REs common methods - Match and Search

In [13]:
re.search("c", "abcdef")   #searches anywhere

<re.Match object; span=(2, 3), match='c'>

In [16]:
re.match("c", "abcdef")  #returns none because only looks at the start of string

In [17]:
bool(re.match("c", "abcdef"))  # no match returns boolean false

False

In [18]:
bool(re.match("a", "abcdef"))  #match returns true

True

In [21]:
re.search("c", "abcdef")  #tells you where it matched first and only first

<re.Match object; span=(2, 3), match='c'>

In [22]:
re.search("c", "abcdefc")  #multiple 'c's first instance only

<re.Match object; span=(2, 3), match='c'>

In [23]:
re.search("c", "abdef\nc") #multiline works with search

<re.Match object; span=(6, 7), match='c'>

In [24]:
re.match("c", "abcdef\nc")   #match doesn't work with newline

# Printing the output of match and search

In [25]:
(re.match("a", "abcdef"))   #match objects

<re.Match object; span=(0, 1), match='a'>

In [26]:
re.match("a", "abcdef").group()  #string output #defautlt value is 0

'a'

In [27]:
re.match("a", "abcdef").group(0)  

'a'

In [28]:
re.search("n", "abcdefnc abcd").group()

'n'

In [29]:
re.search('n.+', "abcdefnc abcd").group()  #pull out different types of strings 
                                            #depending on the wildcards you use

'nc abcd'

In [30]:
re.search("c", "abdef\nc").start()

6

In [31]:
re.search("c", "abdef\nc").end()

7

# Literal matching

In [34]:
re.search('na',"abcdefnc abcd" )  #doesn't work, because they are ordered

In [36]:
re.search('n|a',"abcdefnc abcda" )  #n or a

<re.Match object; span=(0, 1), match='a'>

In [37]:
 re.search('n|a',"bcdefnc abcda" )  #replaced the a with b, first match is an n

<re.Match object; span=(5, 6), match='n'>

In [38]:
re.search('n|a|b',"bcdefnc abcda" ) # as many OR expressions

<re.Match object; span=(0, 1), match='b'>

# re.findall

In [39]:
re.findall('n|a',"bcdefnc abcda" ) #find all pulls out all instances

['n', 'a', 'a']

In [40]:
re.search('abcd',"abcdefnc abcd" ) #multiple characters - literal search

<re.Match object; span=(0, 4), match='abcd'>

In [41]:
re.findall('abcd',"abcdefnc abcd" ) 

['abcd', 'abcd']

# Anothor examples 

In [43]:
text = "There is an apple in this sentence."

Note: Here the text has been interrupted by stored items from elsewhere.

Lemma dyadic_term_le (C K x e : R) : 0 < C ->
    (forall u, 1 <= u -> powR (2 + ln u) g <= K * powR u (beta / 2)) ->
  0 < x -> 0 < e -> 2 * e <= 1 ->
  powR x beta * loge g (Num.min x e) / (powR e q * powR (Num.max x e) p)
    * (C * powR (2 * e) s / loge g (2 * e))
  <= C * powR 2 s * K * expR (- c * `|ln x - ln e|).
Proof.
move=> C0 hK x0 e0 e1.
have K2 : powR 2 g <= K by have := hK 1 (lexx _); rewrite ln1 addr0 powR1 mulr1.
have K0 : 0 < K by apply: lt_le_trans K2; rewrite powR_gt0.
have L20 : 0 < loge g (2 * e) by rewrite loge_gt0 // mulr_gt0.
have reduce y z M : 0 < z -> loge g y <= M * loge g (2 * e) ->
    powR x beta * loge g y / (powR e q * powR z p) * (C * powR (2 * e) s / loge g (2 * e))
    <= C * M * (powR x beta * powR (2 * e) s / (powR e q * powR z p)).
  move=> z0 hM; have D0 : 0 < powR e q * powR z p by rewrite mulr_gt0 ?powR_gt0.
  apply: le_trans (ler_wpM2r _ (ler_wpM2r _ (ler_wpM2l (powR_ge0 _ _) hM))) _.
  - by rewrite divr_ge0 ?mulr_ge0 ?powR_ge0 ?ltW.
  - by rewrite invr_ge0 ltW.
  - by rewrite le_eqVlt; apply/orP; left; apply/eqP; field;
      rewrite (gt_eqF L20) !gt_eqF ?powR_gt0.
have cb : c <= beta / 2 by rewrite ge_min lexx.
have cs : c <= s - q by rewrite ge_min lexx orbT.
have ln2e : ln (2 * e) = ln 2 + ln e by rewrite lnM ?posrE.
have [xe|ex] := leP x e.
- apply: le_trans (reduce _ _ _ e0 (loge_le_powR_ratio g0 hK x0 xe e1)) _.
  rewrite /powR !gt_eqF ?mulr_gt0 ?divr_gt0 ?invr_gt0 // ln2e ln_div ?posrE //.
  rewrite -ler_ln ?posrE ?(mulr_gt0, invr_gt0, expR_gt0) //.
  rewrite !(lnM, lnV) ?posrE ?(mulr_gt0, invr_gt0, expR_gt0) // !expRK.
  rewrite ler0_norm ?subr_le0 ?ler_ln ?posrE //.
  have : 0 <= (beta / 2 - c) * (ln e - ln x) by rewrite mulr_ge0 ?subr_ge0 ?ler_ln ?posrE.
  rewrite /p; lra.
- have hM : loge g e <= K * loge g (2 * e).
    by apply: le_trans (loge_double g0 e0 e1) _; rewrite ler_wpM2r ?loge_ge0.
  apply: le_trans (reduce _ _ _ x0 hM) _.
  rewrite /powR !gt_eqF ?mulr_gt0 // ln2e.
  rewrite -ler_ln ?posrE ?(mulr_gt0, invr_gt0, expR_gt0) //.
  rewrite !(lnM, lnV) ?posrE ?(mulr_gt0, invr_gt0, expR_gt0) // !expRK.
  have ex' := ltW ex; rewrite ger0_norm ?subr_ge0 ?ler_ln ?posrE //.
  have : 0 <= (s - q - c) * (ln x - ln e) by rewrite mulr_ge0 ?subr_ge0 ?ler_ln ?posrE.
  rewrite /p; lra.
Qed.

Lemma weighted_integrand_le_annulus (r t e Nt : R) :
  0 <= r < 1 -> 0 <= t < 1 -> 0 < e < 1 - t ->
  0 <= Nt <= loge g (Num.min (1 - r) (1 - t)) ->
  powR (1 - r) beta * Nt / (powR (1 - t) q * powR (1 - r * t) p)
  <= powR (1 - r) beta * loge g (Num.min (1 - r) e) /
       (powR e q * powR (Num.max (1 - r) e) p).
Proof.
move=> /andP[r0 r1] /andP[t0 t1] /andP[e0 et] /andP[Nt0 Nt_le].
have x0 : 0 < 1 - r by rewrite subr_gt0.
apply: ler_frac; rewrite ?mulr_ge0 ?powR_ge0 ?mulr_gt0 ?powR_gt0 ?lt_max ?x0 //.
- apply: ler_wpM2l; rewrite ?powR_ge0 //; apply: le_trans Nt_le (le_loge g0 _ _ _).
  + by rewrite lt_min x0 e0.
  + by rewrite le_min !ge_min lexx /= (ltW et) orbT.
  + by rewrite ge_min lerBlDr lerDl r0.
- have rt1 : 0 <= r * (1 - t) by rewrite mulr_ge0 // subr_ge0 ltW.
  have rt2 : 0 <= (1 - r) * t by rewrite mulr_ge0 // ltW.
  apply: ler_pM; rewrite ?powR_ge0 //.
  + by apply: ge0_ler_powR; rewrite ?nnegrE //; lra.
  + apply: ge0_ler_powR; rewrite ?nnegrE ?le_max ?(ltW x0) //; first exact: ltW.
      by lra.
    by rewrite ge_max; apply/andP; split; lra.
Qed.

#Bound to string start, returns Match object
found = re.match(r"There",text)

print(found.group(), found.span())
print(found)

There (0, 5)
<re.Match object; span=(0, 5), match='There'>


In [44]:
found = re.match(r"apple",text)
print(found)

None


In [45]:
#Use search for sub-string matching
found = re.search(r"apple", text)
print(found.group(), found.span())

apple (12, 17)


In [46]:
#Returns first match only
found = re.search(r"i", text)

print(found.group(), found.span())

i (6, 7)


In [47]:
#Finding all NON-OVERLAPPING matches
found = re.findall(r"i", text)

#Returns list of matches
print(found)

['i', 'i', 'i']


Match all words starting with "a"

- wordstart: **\b**   
- character "a" after it: **a**   
- any alphanumeric character is allowed after it: **\w**   
- for 0 to infinite repetitions: **\***   
- the whole word is required, thus we match the word end explicitly: **\b**


In [49]:
#More useful with character classes
found = re.findall(r"\ba\w*\b", text)
#Returns a list of strings
print(found)

['an', 'apple']


In [50]:
#If we need an iterator of match objects, not just the strings
found = re.finditer(r"\ba\w*\b", text)
#Returns list of matches
for match in found:
  print(match)

<re.Match object; span=(9, 11), match='an'>
<re.Match object; span=(12, 17), match='apple'>


### Split text at every two letter word (exclude the whitespaces too)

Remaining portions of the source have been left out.